Supporting Prediction
The results were true my prediction. They followed the same pattern as I had mentioned and the reasons for this seems from the results were also true for the same reasons.
Conclusion
The structure of the alcohol seems to be important in the time it takes for water to heat up. Not only does it mean the alcohol itself have more structure to burn but as a result what is given off when burnt also has more molecules and structure.
Evaluation
The test was satisfactory. The results had come out as planned and the theory was correct.

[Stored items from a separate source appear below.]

Theorem mainTheorem6
  (Gb : Group) (G : Gb -> Prop)
  (HG : fin_gen_subgroup Gb G)
  (Hmal : malcev_completion_of Gb G)
  (m : nat) (R K : nat -> Gb -> Prop)
  (HR : is_idprod Gb (fun _ => True) R m)
  (HK : is_idprod Gb (fun _ => True) K m)
  (HRf : forall j, j < m -> rational Gb (R j) /\ nontrivial Gb (R j) /\
                           rationally_indecomposable Gb (R j))
  (HKf : forall j, j < m -> rational Gb (K j) /\ nontrivial Gb (K j) /\
                           rationally_indecomposable Gb (K j))
  (alpha beta : nat -> Gb -> Gb)
  (Halpha : forall i, i < m -> is_proj Gb R m i (alpha i))
  (Hbeta : forall i, i < m -> is_proj Gb K m i (beta i))
  (Hiso : forall i, i < m ->
     (forall x, K i x -> R i (alpha i x) /\ beta i (alpha i x) = x) /\
     (forall y, R i y -> K i (beta i y) /\ alpha i (beta i y) = y))
  (Hexch : forall i, i < m ->
     is_idprod Gb (fun _ => True) (fun j => if Nat.eqb j i then K i else R j) m)
  (i : nat) (Hi : i < m) (Theta : Gb -> Gb)
  (HTheta : forall r, (forall j, j < m -> R j (r j)) ->
     Theta (iprod Gb r m) =
     iprod Gb (fun j => if Nat.eqb j i then beta i (r i) else r j) m) :
  normal_aut Gb Theta.
Proof.
  (* Only the decompositions and the inverse isomorphism [beta_i : R_i -> K_i] are
     needed. *)
  apply (exchange_twist_normal_aut Gb m i R K (alpha i) (beta i)); auto.
  apply (Hiso i Hi).
Qed.
Lemma exchangeable_sym W y y' : exchangeable W y y' -> exchangeable W y' y.
Proof.
by case=> yy' yAy'; split=> [|i /yAy']; rewrite 1?agree_on_sym // andbC.
Qed.

Lemma exchangeable_Bad W y y' : exchangeable W y y' -> Bad y = Bad y'.
Proof.
case=> yy' yAy'; apply/setP => i; rewrite !inE.
have [/yAy' /andP[/negbTE -> /negbTE ->] // | ] := boolP (vbl i :&: W != set0).
rewrite negbK setI_eq0 disjoints_subset => iW.
exact: A_agree (agree_on_sub iW yy').
Qed.

Definition swap_off (V : {set 'I_n}) (y y' x : asg) : asg :=
  [ffun k => if k \in V then x k else tperm (y k) (y' k) (x k)].

Lemma swap_offK V y y' : involutive (swap_off V y y').
Proof.
by move=> x; apply/ffunP => k; rewrite !ffunE; case: (k \in V); rewrite ?tpermK.
Qed.

Lemma agree_swap_off_in V y y' x : agree V x (swap_off V y y' x).
Proof. by apply/agree_onP => k kV; rewrite ffunE kV. Qed.

Lemma agree_swap_off V y y' x :
  agree (~: V) (swap_off V y y' x) y' = agree (~: V) x y.
Proof.
apply: eq_forallb => k; apply: implyb_id2l; rewrite inE ffunE => /negbTE ->.
by rewrite -{2}(tpermL (y k) (y' k)) (inj_eq perm_inj).
Qed.

Section ResampleExchange.
Variables (W : {set 'I_n}) (y y' x x' : asg).
Hypothesis yy' : exchangeable W y y'.
Let V := vblS (Res x).
Hypotheses (xy : agree (~: V) x y) (xx' : agree V x x') (x'y' : agree (~: V) x' y').

Lemma outside_Res_avoided i : i \notin Res x -> (x \notin A i) && (x' \notin A i).
Proof.
move=> iR; have [meetV | ] := boolP (vbl i :&: V != set0).
  by rewrite !(Res_blocks iR meetV) ?agree_on_refl.
rewrite negbK setI_eq0 disjoints_subset => iV.
have -> : x \notin A i.
  by apply: contra iR => xAi; apply: (subsetP (Bad_sub_Res x)); rewrite inE.
rewrite (A_agree (agree_on_sub iV x'y')) /=.
have [meetW | ] := boolP (vbl i :&: W != set0); first by case/andP: (yy'.2 _ meetW).
rewrite negbK setI_eq0 disjoints_subset => iW.
rewrite -(A_agree (agree_on_sub iW yy'.1)) -(A_agree (agree_on_sub iV xy)).
by apply: contra iR => xAi; apply: (subsetP (Bad_sub_Res x)); rewrite inE.
Qed.
(* Let $G$ and $H$ be connected graphs with $|V(G)|\ge 3$ and $|V(H)|\ge 2$, such that at least one of $G$, $H$ is not complete. Then $$rx_3(G[H])\le rx_3(G)+rc(H).$$ In particular, if $\mathrm{diam}(G)=rx_3(G)$ and $H$ is complete, then $rx_3(G[H])=rx_3(G)+rc(H)$.
   Context: The lexicographic product $G[H]$ has vertex set $V(G)\times V(H)$, with $(g_1,h_1)$ and $(g_2,h_2)$ adjacent iff $g_1g_2\in E(G)$, or $g_1=g_2$ and $h_1h_2\in E(H)$. An edge coloring may give adjacent edges the same color. A path (tree) is rainbow if its edges have pairwise distinct colors. The rainbow connection number $rc(H)$ of a connected graph $H$ is the minimum number of colors in an edge coloring such that every two distinct vertices are joined by a rainbow path. For a connected graph on at least $3$ vertices, $rx_3$ is the minimum number of colors in an edge coloring such that every set of $3$ vertices lies in some rainbow tree. $\mathrm{diam}(G)$ is the diameter of $G$. *)

From mathcomp Require Import all_boot.
Set Implicit Arguments. Unset Strict Implicit. Unset Printing Implicit Defensive.

Section Graphs.
Variable T : finType.
Implicit Types (g : rel T).

Definition simple_graph g := symmetric g /\ irreflexive g.
Definition connected_graph g := forall x y : T, connect g x y.
Definition complete_graph g := forall x y : T, x != y -> g x y.

(* An edge colouring with (at most) k colours: a colour c x y = c y x < k
   assigned to every edge xy (adjacent edges may share a colour). *)
Definition edge_coloring g (k : nat) (c : T -> T -> nat) :=
  forall x y, g x y -> c x y = c y x /\ c x y < k.

Definition rainbow_path g (c : T -> T -> nat) (x y : T) (p : seq T) :=
  [/\ path g x p, uniq (x :: p), last x p = y & uniq (pairmap c x p)].

(* A rainbow tree containing S: a list of edges es of g (stored as ordered
   pairs) with pairwise distinct colours (hence pairwise distinct as
   unordered edges), whose spanned subgraph (vertex set = endpoints) is
   connected with #edges = #vertices - 1 (i.e. a tree), and whose vertex
   set contains S. *)
Definition tree_vertices (es : seq (T * T)) : {set T} :=
  [set x | has (fun e : T * T => (e.1 == x) || (e.2 == x)) es].
Definition tree_rel (es : seq (T * T)) : rel T :=
  fun x y => ((x, y) \in es) || ((y, x) \in es).
Definition rainbow_tree g (c : T -> T -> nat) (S : {set T}) (es : seq (T * T)) :=
  [/\ all (fun e : T * T => g e.1 e.2) es,
      uniq (map (fun e : T * T => c e.1 e.2) es),
      {in tree_vertices es &, forall x y, connect (tree_rel es) x y},
      size es = #|tree_vertices es| - 1
    & S \subset tree_vertices es].

Definition rainbow_connecting g k :=
  exists c, edge_coloring g k c /\
    forall x y : T, x != y -> exists p, rainbow_path g c x y p.
Theorem corollary5p3 (n : nat) (hn : (2 <= n)%N) (w : word n)
    (hw1 : derived 1 w) (hw2 : ~ derived 2 w)
    (K : fieldType) (hK : [pchar K] =i pred0)
    (X : 'M[K]_2) (hX : in_SL2 X) (hXu : unipotent X) :
  exists Z : 'I_n -> 'M[K]_2, (forall i, in_SL2 (Z i)) /\ word_eval Z w = X.
Proof.
(* [hX] and [hn] are redundant: a unipotent 2x2 matrix has determinant 1, and
   [F' = F''] when [n <= 1]. *)
have [G [b [unitG ->]]] := unipotent_conj_upper1 hXu.
have [Z [Z_SL2 eval_Z]] := exists_word_eval_upper1 hK hw1 hw2 b.
have unitZ i : Z i \in unitmx by rewrite unitmxE (Z_SL2 i) unitr1.
exists (fun i => G * Z i / G); split; last by rewrite word_eval_conj // eval_Z.
by move=> i; rewrite /in_SL2 !detM Z_SL2 mulr1 -detM divrr // det1.
Qed.
(* The sum of products factorizes offspring by offspring; every factor except the
   j-th is a total mass <= 1. *)
Lemma offspring_marginal k x (P : pred (bitstring n)) (j : 'I_k) :
  \sum_(ys : {ffun 'I_k -> bitstring n}) (\prod_(i < k) mut x (ys i)) * (P (ys j))%:R
  <= \sum_(y | P y) mut x y.
Proof.
pose G (i : 'I_k) y := mut x y * (if i == j then (P y)%:R else 1).
have -> : \sum_(ys : {ffun 'I_k -> bitstring n})
             (\prod_(i < k) mut x (ys i)) * (P (ys j))%:R
          = \sum_(ys : {ffun 'I_k -> bitstring n}) \prod_(i < k) G i (ys i).
  apply: eq_bigr => ys _; rewrite /G big_split /=; congr (_ * _).
  by rewrite (bigD1 j) //= eqxx big1 ?mulr1 // => i /negbTE ->.
rewrite -(bigA_distr_bigA G) (bigD1 j) //=.
have -> : \sum_y G j y = \sum_(y | P y) mut x y.
  rewrite /G eqxx [RHS]big_mkcond; apply: eq_bigr => y _.
  by case: (P y); rewrite ?mulr1 ?mulr0.
rewrite -[leRHS]mulr1 ler_wpM2l ?sumr_ge0 //.
apply: prodr_ile1 => i /negbTE ij.
have -> : \sum_y G i y = \sum_y mut x y by apply: eq_bigr => y _; rewrite /G ij mulr1.
by rewrite mut_mass andbT sumr_ge0.
Qed.

Lemma select_ge0 k x z : 0 <= select mut f k x z.
Proof. by apply: sumr_ge0 => ys _; rewrite mulr_ge0 ?offspring_ge0 ?tie_break_ge0. Qed.

Lemma sum_select_le1 k x : \sum_z select mut f k x z <= 1.
Proof.
rewrite sum_select; apply: le_trans (offspring_mass k x).
apply: ler_sum => ys _; rewrite -[leRHS]mulr1 ler_wpM2l ?offspring_ge0 //.
exact: sum_tie_break_le1.
Qed.

(* Union bound over the k offspring. *)
Lemma sum_select_le k x (P : pred (bitstring n)) :
  \sum_(z | P z) select mut f k x z <= k%:R * \sum_(y | P y) mut x y.
Proof.
have card_sum (ys : {ffun 'I_k -> bitstring n}) :
    #|[set i | P (ys i)]|%:R = \sum_(i < k) (P (ys i))%:R :> R.
  by rewrite -sum1_card natr_sum big_mkcond; apply: eq_bigr => i _; rewrite inE; case: (P _).
rewrite sum_select.
apply: le_trans (_ : \sum_(ys : {ffun 'I_k -> bitstring n})
   \sum_(j < k) (\prod_(i < k) mut x (ys i)) * (P (ys j))%:R <= _).
  apply: ler_sum => ys _; rewrite -mulr_sumr -card_sum ler_wpM2l ?offspring_ge0 //.
  exact: sum_tie_break_le_card.
have -> : k%:R * \sum_(y | P y) mut x y = \sum_(j < k) \sum_(y | P y) mut x y.
  by rewrite sumr_const card_ord mulr_natl.
rewrite exchange_big; apply: ler_sum => j _; exact: offspring_marginal.
Qed.
Lemma equal_degrees : deg h1 = d -> deg h2 = d -> deg a = d ->
  [/\ 'X ^+ 2 - lA *: 'X - B%:P = ('X - c1%:P) * ('X - c2%:P),
      (forall c, c = c1 -> c = c2 ->
         [/\ B = - c ^+ 2, lA = 2%:R * c &
             A 2 - P 2 - (Q 2 + (d%:R - 1) * Q 1 + 'C(d, 2)%:R * Q 0)
             + n%:R * (P 1 - (Q 1 + d%:R * Q 0)) - 'C(n, 2)%:R * lA = 0]) &
      (c1 != c2 -> n%:R = (A 1 - P 1 - Q 1 - d%:R * Q 0) / (Q 0 - P 0))].
Proof.
move=> /revp_coef0_deg P0 /revp_coef0_deg Q0 /revp_coef0_deg A0.
have lAE : lA = c1 + c2 by rewrite -A0 -P0 -Q0 lead_balance.
split.
- by rewrite lead_coefN lead_coefM lAE -mul_polyC rmorphN rmorphM rmorphD /=; ring.
- move=> c c1E c2E; split.
  + by rewrite lead_coefN lead_coefM -c1E -c2E; ring.
  + by rewrite lAE -c1E -c2E; ring.
  + by rewrite -A0 second_balance // P0 Q0 -c1E -c2E.
- by move=> c1_neq_c2; apply: deg_formula; rewrite P0 Q0.
Qed.

End TopCoefficients.

Lemma sqrtC_opp_pair (C : numClosedFieldType) (x y : C) : y = - x ->
  let s := sqrtC (- (x * y)) in (x = s /\ y = - s) \/ (x = - s /\ y = s).
Proof.
move=> -> s; have : x ^+ 2 == s ^+ 2 by rewrite sqrtCK mulrN opprK expr2.
by rewrite eqf_sqr => /orP[] /eqP ->; [left | right]; rewrite ?opprK.
Qed.

Theorem theorem30 (C : numClosedFieldType) (f a b h1 h2 : {poly C}) :
  f != 0 -> a != 0 -> b != 0 -> h1 != 0 -> h2 != 0 ->
  b = - (h1 * h2) ->
  f * a = (f \Po ('X - 1)) * h1 + (f \Po ('X + 1)) * (h2 \Po ('X + 1)) ->
  let d := maxn (deg a) (maxn (deg h1) (deg h2)) in
  let df := deg f in
  let c1 := lead_coef h1 in
  let c2 := lead_coef h2 in
  let A := lead_coef a in
  let B := lead_coef b in
  let a_ i := coefz a i in
  let h1_ i := coefz h1 i in
  let h2_ i := coefz h2 i in
  (* (1) *)
  ((deg a = deg h1 /\ (deg h2 < deg h1)%N) ->
     [/\ c1 = A, c2 = - (B / A) &
         df%:R = (a_ (d%:Z - 1) - h1_ (d%:Z - 1) - h2_ (d%:Z - 1)) / (- A)]) /\
  (* (2) *)
  ((deg a = deg h2 /\ (deg h1 < deg h2)%N) ->
     [/\ c1 = - (B / A), c2 = A &
         df%:R = (a_ (d%:Z - 1) - h1_ (d%:Z - 1) - h2_ (d%:Z - 1) - d%:R * A) / A]) /\
  (* (3) *)
  ((deg h1 = deg h2 /\ (deg a < deg h1)%N) ->
     ((c1 = sqrtC B /\ c2 = - sqrtC B) \/ (c1 = - sqrtC B /\ c2 = sqrtC B)) /\
     df%:R = (a_ (d%:Z - 1) - h1_ (d%:Z - 1) - h2_ (d%:Z - 1) - d%:R * h2_ d%:Z)
             / (h2_ d%:Z - h1_ d%:Z)) /\
  (* (4) *)
  ((deg h1 = deg h2 /\ deg h2 = deg a) ->
     [/\ 'X ^+ 2 - A *: 'X - B%:P = ('X - c1%:P) * ('X - c2%:P),
         (* (a) *)
         (forall c, c = c1 -> c = c2 ->
            [/\ B = - c ^+ 2, A = 2%:R * c &
              (a_ (d%:Z - 2) - h1_ (d%:Z - 2)
                 - (h2_ (d%:Z - 2) + (d%:R - 1) * h2_ (d%:Z - 1) + ('C(d, 2))%:R * h2_ d%:Z))
              + df%:R * (h1_ (d%:Z - 1) - (h2_ (d%:Z - 1) + d%:R * h2_ d%:Z))
              - ('C(df, 2))%:R * A = 0]) &
         (* (b) *)
         (c1 != c2 ->
            df%:R = (a_ (d%:Z - 1) - h1_ (d%:Z - 1) - h2_ (d%:Z - 1) - d%:R * h2_ d%:Z)
                    / (h2_ d%:Z - h1_ d%:Z))]).
Proof.
move=> f_neq0 a_neq0 _ h1_neq0 h2_neq0 -> feq d df c1 c2 A B a_ h1_ h2_.
have dE : d = maxn (deg a) (maxn (deg h1) (deg h2)) by [].
have coefz_d (p : {poly C}) : coefz p d%:Z = (revp d p)`_0 by rewrite revp_coef0.
rewrite /a_ /h1_ /h2_ !(coefz_revp _ 1) !(coefz_revp _ 2) !coefz_d.
have size_f : size f = df.+1 by rewrite size_deg.
have [size_a size_h1 size_h2] : [/\ size a <= d.+1, size h1 <= d.+1 & size h2 <= d.+1]%N.
  by rewrite !size_deg // dE; split; lia.
have two_neq0 : 2%:R != 0 :> C by rewrite pnatr_eq0.
split; [|split; [|split]] => -[deg_eq deg_lt].
- have [] : [/\ deg a = d, deg h1 = d & deg h2 < d]%N by rewrite dE; split; lia.
  exact: dominant_h1 size_f size_a size_h1 size_h2 feq h1_neq0.
- have [] : [/\ deg a = d, deg h2 = d & deg h1 < d]%N by rewrite dE; split; lia.
  exact: dominant_h2 size_f size_a size_h1 size_h2 feq h2_neq0.
- have [] : [/\ deg h1 = d, deg h2 = d & deg a < d]%N by rewrite dE; split; lia.
  move=> h1d h2d ad; have [c2E ->] :=
    dominant_h1h2 size_f size_a size_h1 size_h2 feq two_neq0 h1_neq0 h1d h2d ad.
  by split=> //; rewrite /B lead_coefN lead_coefM; apply: sqrtC_opp_pair.
- have [] : [/\ deg h1 = d, deg h2 = d & deg a = d]%N by rewrite dE; split; lia.
  exact: equal_degrees size_f size_a size_h1 size_h2 feq.
Qed.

The factors which would effect the test were taken into account as much as possible. One variable which was not dealt with was the fact that the heat was lost into the atmosphere. This could have been dealt with using draught screens but this could not be done due to insufficient supplies. Also accuracy was lost in that we were not able to repeat the test again due to time and practicality.
I felt that everything else was accurate especially measuring the weight as we had an electronic scale to measure it for us. Overall the test was carried out sufficiently and the results were clear and of a high standard.